Used in Organic Synthesis:
Bicyclo[1.1.1]pentane-1-carboxylic acid, 3-formyl-, methyl ester (9CI) is used as a key intermediate in organic synthesis for the creation of complex organic molecules. Its unique structure and reactivity make it a valuable component in the synthesis of various compounds.

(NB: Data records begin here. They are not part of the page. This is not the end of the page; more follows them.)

(* Let $\mathcal T=(T,\lambda)$ be a temporal oriented tree and let $G$ be its connectivity graph. For every set $S\subseteq V(T)$: $S$ is contained in the vertex set of some temporal path of $\mathcal T$ if and only if $S$ is contained in a clique of $G$.
   Context: A temporal digraph is a pair $(D,\lambda)$ with $D=(V,A)$ a finite digraph and $\lambda:A\to 2^{\{1,\dots,t_{\max}\}}$ giving the time-steps at which each arc is active. A temporal oriented tree $\mathcal T=(T,\lambda)$ is one whose underlying digraph $T$ is an orientation of a tree. A temporal path is a sequence $(v_1,v_2,t_1),\dots,(v_{k-1},v_k,t_{k-1})$ with pairwise distinct $v_i$, $\overrightarrow{v_iv_{i+1}}\in A$, $t_i\in\lambda(\overrightarrow{v_iv_{i+1}})$ and $t_1<\dots<t_{k-1}$; a single vertex is also a temporal path. Two vertices $u\ne v$ are temporally connected if there is a temporal path from $u$ to $v$ or from $v$ to $u$. The connectivity graph of $\mathcal T$ is the undirected graph $G$ with $V(G)=V(T)$ and $uv\in E(G)$ iff $u\neq v$ and $u,v$ are temporally connected. *)

From mathcomp Require Import all_boot.
Set Implicit Arguments. Unset Strict Implicit. Unset Printing Implicit Defensive.

(* The time labelling lambda is lam : V -> V -> pred nat; lam u v is the set of
   time-steps of the arc u->v (only relevant when A u v). *)

Definition und (V : finType) (A : rel V) : rel V := fun u v => A u v || A v u.

Definition oriented_tree (V : finType) (A : rel V) : Prop :=
  [/\ (forall u, ~~ A u u),
      (forall u v, A u v -> ~~ A v u),
      (exists v : V, True),
      (forall u v, connect (und A) u v) &
      (forall s : seq V, uniq s -> 3 <= size s -> ~~ cycle (und A) s)].

Definition labelling (V : finType) (A : rel V) (tmax : nat)
  (lam : V -> V -> pred nat) : Prop :=
  forall u v t, A u v -> lam u v t -> (1 <= t <= tmax).

(* A temporal path starting at x: the steps p = [:: (v2,t1); ...; (vk,t_{k-1})].
   Its vertex sequence is x :: map fst p. *)
Definition temporal_path (V : finType) (A : rel V) (lam : V -> V -> pred nat)
  (x : V) (p : seq (V * nat)) : bool :=
  [&& uniq (x :: map fst p),
      path (fun a b : V * nat => A a.1 b.1 && lam a.1 b.1 b.2) (x, 0) p &
      sorted ltn (map snd p)].

Definition tpath_vertices (V : finType) (x : V) (p : seq (V * nat)) : seq V :=
  x :: map fst p.

Definition treach (V : finType) (A : rel V) (lam : V -> V -> pred nat) (u v : V) : Prop :=
  exists p : seq (V * nat), temporal_path A lam u p /\ last u (map fst p) = v.

Definition conn_edge (V : finType) (A : rel V) (lam : V -> V -> pred nat) (u v : V) : Prop :=
  u <> v /\ (treach A lam u v \/ treach A lam v u).

Definition is_clique (V : finType) (E : V -> V -> Prop) (K : {set V}) : Prop :=
  forall u v, u \in K -> v \in K -> u <> v -> E u v.

From mathcomp Require Import all_boot.
Set Implicit Arguments. Unset Strict Implicit. Unset Printing Implicit Defensive.

(* In an oriented tree a directed walk never repeats a vertex and is
   determined by its endpoints, so the vertices of a temporal path form the
   tree path between its ends; hence if x reaches u and w reaches y, a
   temporal path from x to y contains every directed walk from u to w.
   A clique is covered one vertex at a time.  A new vertex z, temporally
   connected to both ends u, w of the current path but not on it, cannot
   reach u while being reached from w (directed cycle), nor be reached from u
   while reaching w (z would lie on the path); so either z reaches u and the
   temporal path z ~> w contains the current one, or w reaches z and the
   temporal path u ~> z does. *)

Section UniquePaths.

Variables (T : eqType) (e : rel T).
Hypothesis e_sym : symmetric e.
Hypothesis e_acyclic : forall s : seq T, uniq s -> 3 <= size s -> ~~ cycle e s.

Lemma uniq_path_unique a s1 s2 :
  path e a s1 -> path e a s2 -> uniq (a :: s1) -> uniq (a :: s2) ->
  last a s1 = last a s2 -> s1 = s2.
Proof.
elim: s1 a s2 => [|x s1 IH] a [|y s2] //=.
- by move=> _ _ _ /andP[aNs2 _] eq_last; move: aNs2; rewrite eq_last mem_last.
- by move=> _ _ /andP[aNs1 _] _ eq_last; move: aNs1; rewrite -eq_last mem_last.
move=> /andP[eax p1] /andP[eay p2] /andP[aNs1 u1] /andP[aNs2 u2] eq_last.
have [xy|xNy] := eqVneq x y; first by subst y; rewrite (IH x s2 p1 p2 u1 u2 eq_last).
(* Go from x along s1 to the common end and back along s2 to y; after
   removing loops, a :: x :: ... :: y is a cycle of length at least 3. *)
have w_path : path e x (s1 ++ rev (belast y s2)).
  rewrite cat_path p1 /= eq_last rev_path.
  by apply: sub_path p2 => c d; rewrite e_sym.
have w_last : last x (s1 ++ rev (belast y s2)) = y.
  rewrite last_cat eq_last.
  by case: (s2) => //= z s2'; rewrite rev_cons last_rcons.
have w_sub : {subset s1 ++ rev (belast y s2) <= (x :: s1) ++ (y :: s2)}.
  move=> c; rewrite mem_cat mem_rev => /orP[c1|/mem_belast c2].
    by rewrite mem_cat inE c1 orbT.
  by rewrite mem_cat c2 orbT.
move: w_last w_sub; case/shortenP: w_path => p' p'_path p'_uniq p'_sub p'_last w_sub.
have aNp' : a \notin x :: p'.
  apply/negP => ap'; have : a \in (x :: s1) ++ (y :: s2).
    move: ap'; rewrite inE => /predU1P[->|/p'_sub/w_sub //]; exact: mem_head.
  by rewrite mem_cat (negbTE aNs1) (negbTE aNs2).
have := @e_acyclic (a :: x :: p'); rewrite cons_uniq aNp' p'_uniq => /(_ isT).
case: p' p'_path {p'_uniq p'_sub w_sub aNp'} p'_last => [_ /= y_eq|z p'].
  by move: xNy; rewrite y_eq eqxx.
move=> /= /andP[exz p'_path] p'_last /(_ isT).
by rewrite eax exz rcons_path p'_path p'_last e_sym eay.
Qed.

End UniquePaths.

Section TemporalPaths.

Variables (V : finType) (A : rel V) (lam : V -> V -> pred nat).

Definition tconn (u v : V) := treach A lam u v \/ treach A lam v u.

Lemma tpath_path x p : temporal_path A lam x p -> path A x (map fst p).
Proof.
case/and3P=> _ p_path _; rewrite -[x]/((x, 0).1) path_map.
by apply: sub_path p_path => a b /andP[].
Qed.

Lemma tpath_connect x p :
  temporal_path A lam x p -> connect A x (last x (map fst p)).
Proof. by move/tpath_path => p_path; apply/connectP; exists (map fst p). Qed.

Lemma treach_connect u v : treach A lam u v -> connect A u v.
Proof. by case=> p [/tpath_connect + <-]. Qed.

Lemma tpath_take x p n :
  temporal_path A lam x p -> temporal_path A lam x (take n p).
Proof.
case/and3P=> p_uniq p_path p_sorted; apply/and3P; split.
- by rewrite map_take -[x :: _]/(take n.+1 (x :: map fst p)) take_uniq.
- by move: p_path; rewrite -{1}(cat_take_drop n p) cat_path => /andP[].
- by rewrite map_take take_sorted.
Qed.

Lemma tpath_behead x a p :
  temporal_path A lam x (a :: p) -> temporal_path A lam a.1 p.
Proof.
case/and3P=> /= /andP[_ p_uniq] /andP[_ p_path] p_sorted; apply/and3P; split.
- exact: p_uniq.
- by case: p p_path {p_uniq p_sorted}.
- exact: path_sorted p_sorted.
Qed.

Lemma tpath_treach x p v :
  temporal_path A lam x p -> v \in tpath_vertices x p -> treach A lam x v.
Proof.
move=> p_tpath vp; have [n <-] : exists n, last x (map fst (take n p)) = v.
  elim: p x {p_tpath} vp => [|a p IH] x; first by rewrite inE => /eqP->; exists 0.
  rewrite inE => /predU1P[->|/IH [n <-]]; first by exists 0.
  by exists n.+1.
by exists (take n p); split=> //; apply: tpath_take.
Qed.

Lemma tpath_tconn x p u v :
  temporal_path A lam x p -> u \in tpath_vertices x p ->
  v \in tpath_vertices x p -> u <> v -> tconn u v.
Proof.
elim: p x => [|a p IH] x p_tpath; first by rewrite !inE => /eqP-> /eqP->.
rewrite [u \in _]inE [v \in _]inE.
move=> /predU1P[->|up] /predU1P[->|vp] //.
- by left; apply: tpath_treach p_tpath _; rewrite inE vp orbT.
- by right; apply: tpath_treach p_tpath _; rewrite inE up orbT.
- exact: IH (tpath_behead p_tpath) up vp.
Qed.

Section OrientedTree.

Hypothesis A_irr : forall u, ~~ A u u.
Hypothesis A_asym : forall u v, A u v -> ~~ A v u.
Hypothesis A_acyclic :
  forall s : seq V, uniq s -> 3 <= size s -> ~~ cycle (und A) s.

Lemma und_sym : symmetric (und A).
Proof. by move=> u v; rewrite /und orbC. Qed.

Lemma sub_und : subrel A (und A).
Proof. by move=> u v Auv; rewrite /und Auv. Qed.

Lemma closed_walk_nil x s : path A x s -> last x s = x -> s = [::].
Proof.
case: s => [//|y s] /= /andP[Axy /shortenP[p' p'_path p'_uniq _ p'_last]].
have p'_cycle : cycle A (y :: p') by rewrite /= rcons_path p'_path p'_last Axy.
case: p' p'_path p'_uniq p'_cycle p'_last
  => [|z [|z' p']] p'_path p'_uniq p'_cycle /=.
- by move=> y_x; move: Axy; rewrite y_x (negbTE (A_irr x)).
- by move=> z_x; move: p'_path; rewrite z_x /= (negbTE (A_asym Axy)).
- by move=> _; move: (A_acyclic p'_uniq isT); rewrite (sub_cycle sub_und p'_cycle).
Qed.

Lemma path_uniq x s : path A x s -> uniq (x :: s).
Proof.
elim: s x => [//|y s IH] x xs_path.
have ys_uniq : uniq (y :: s) by apply: IH; case/andP: xs_path.
rewrite cons_uniq ys_uniq andbT; apply/negP => xys.
case/splitPr: xys xs_path => s1 s2.
rewrite -cat_rcons cat_path => /andP[/closed_walk_nil]; rewrite last_rcons.
by case: s1 => [|? ?] /(_ erefl).
Qed.

Lemma connect_antisym x y : connect A x y -> connect A y x -> x = y.
Proof.
move=> /connectP[p p_path ->] /connectP[q q_path q_last].
have := @closed_walk_nil x (p ++ q).
rewrite cat_path p_path q_path last_cat -q_last => /(_ isT erefl).
by case: p {p_path q_path q_last}.
Qed.

Lemma path_unique x s1 s2 :
  path A x s1 -> path A x s2 -> last x s1 = last x s2 -> s1 = s2.
Proof.
move=> p1 p2; apply: (uniq_path_unique und_sym A_acyclic).
- exact: (sub_path sub_und p1).
- exact: (sub_path sub_und p2).
- exact: path_uniq p1.
- exact: path_uniq p2.
Qed.

Lemma path_connect_subset u t x t' :
  path A u t -> path A x t' -> connect A x u ->
  connect A (last u t) (last x t') -> {subset u :: t <= x :: t'}.
Proof.
move=> t_path t'_path /connectP[q q_path u_def] /connectP[r r_path r_last].
have -> : t' = q ++ t ++ r.
  apply: path_unique t'_path _ _; last by rewrite !last_cat -u_def.
  by rewrite cat_path q_path -u_def cat_path t_path.
move=> c; rewrite inE => /predU1P[->|ct]; last by rewrite inE !mem_cat ct !orbT.
by rewrite u_def -cat_cons mem_cat mem_last.
Qed.

Definition covering_tpath (s : seq V) x p :=
  [/\ temporal_path A lam x p, x \in s, last x (map fst p) \in s
    & {subset s <= tpath_vertices x p}].

Lemma covering_tpath_cons s x p z :
  covering_tpath s x p -> {in s, forall y, y <> z -> tconn z y} ->
  exists y q, covering_tpath (z :: s) y q.
Proof.
rewrite /tpath_vertices; case=> p_tpath xs ws s_sub z_tconn.
set w := last x (map fst p) in ws *; have p_path := tpath_path p_tpath.
have [zp|zNp] := boolP (z \in x :: map fst p).
  exists x, p; split; rewrite ?inE ?xs ?ws ?orbT //.
  by move=> c; rewrite inE => /predU1P[->|/s_sub].
have xz : x <> z by move=> xz; move: zNp; rewrite -xz mem_head.
have wz : w <> z by move=> wz; move: zNp; rewrite -wz mem_last.
case: (z_tconn x xs xz) => [zx|xz']; case: (z_tconn w ws wz) => [zw|wz'].
- case: zw => q [q_tpath q_last].
  exists z, q; split; rewrite ?mem_head ?q_last ?inE ?ws ?orbT //.
  move=> c; rewrite inE => /predU1P[->|/s_sub cp]; first exact: mem_head.
  apply: (path_connect_subset p_path (tpath_path q_tpath) (treach_connect zx)) cp.
  by rewrite q_last connect0.
- case: xz; apply: connect_antisym (treach_connect zx).
  exact: connect_trans (tpath_connect p_tpath) (treach_connect wz').
- case/negP: zNp; apply: (@path_connect_subset z [::] x _ isT p_path).
  + exact: treach_connect xz'.
  + exact: treach_connect zw.
  + exact: mem_head.
- case: xz' => q [q_tpath q_last].
  exists x, q; split; rewrite ?inE ?xs ?q_last ?eqxx ?orbT //.
  move=> c; rewrite inE => /predU1P[->|/s_sub cp]; first by rewrite -q_last mem_last.
  apply: (path_connect_subset p_path (tpath_path q_tpath) (connect0 _ _)) cp.
  by rewrite q_last; apply: treach_connect.
Qed.

Lemma tconn_covering_tpath z s :
  {in z :: s &, forall a b, a <> b -> tconn a b} ->
  exists x p, covering_tpath (z :: s) x p.
Proof.
elim: s z => [|y s IH] z s_tconn.
  by exists z, [::]; split; rewrite ?mem_head.
have [x [p p_cover]] : exists x p, covering_tpath (y :: s) x p.
  by apply: IH; apply: sub_in2 s_tconn => c cs; rewrite inE cs orbT.
apply: covering_tpath_cons p_cover _ => c cs cz.
by apply: s_tconn; [exact: mem_head | rewrite inE cs orbT | move=> zc; apply: cz].
Qed.

End OrientedTree.

End TemporalPaths.

Theorem mainTheorem4 (V : finType) (A : rel V) (tmax : nat)
  (lam : V -> V -> pred nat) :
  oriented_tree A -> labelling A tmax lam ->
  forall S : {set V},
    (exists (x : V) (p : seq (V * nat)),
        temporal_path A lam x p /\ {subset S <= tpath_vertices x p})
    <->
    (exists K : {set V}, is_clique (conn_edge A lam) K /\ S \subset K).
Proof.
case=> A_irr A_asym [v0 _] _ A_acyclic _ S; split.
  case=> x [p [p_tpath S_sub]]; exists [set v in tpath_vertices x p]; split.
    move=> u v; rewrite !inE => up vp uv; split=> //.
    exact: tpath_tconn p_tpath up vp uv.
  by apply/subsetP => v /S_sub; rewrite inE.
case=> K [K_clique SK]; case S_enum: (enum S) => [|z s].
  by exists v0, [::]; split=> // v; rewrite -mem_enum S_enum.
have [|x [p [p_tpath _ _ S_sub]]] :=
  tconn_covering_tpath (lam := lam) A_irr A_asym A_acyclic (z := z) (s := s).
  move=> a b; rewrite -S_enum !mem_enum => aS bS ab.
  exact: (K_clique a b (subsetP SK a aS) (subsetP SK b bS) ab).2.
by exists x, p; split=> // v; rewrite -mem_enum S_enum => /S_sub.
Qed.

Used in Pharmaceutical Production:
In the pharmaceutical industry, Bicyclo[1.1.1]pentane-1-carboxylic acid, 3-formyl-, methyl ester (9CI) is employed as an intermediate in the production of various drugs. Its role in the synthesis of active pharmaceutical ingredients contributes to the development of new medications with potential therapeutic benefits.
Used in Agrochemical Production:
Bicyclo[1.1.1]pentane-1-carboxylic acid, 3-formyl-, methyl ester (9CI) also finds application in the agrochemical industry, where it serves as an intermediate in the synthesis of various agrochemicals. Its use in this field highlights its versatility and importance in the development of agricultural products.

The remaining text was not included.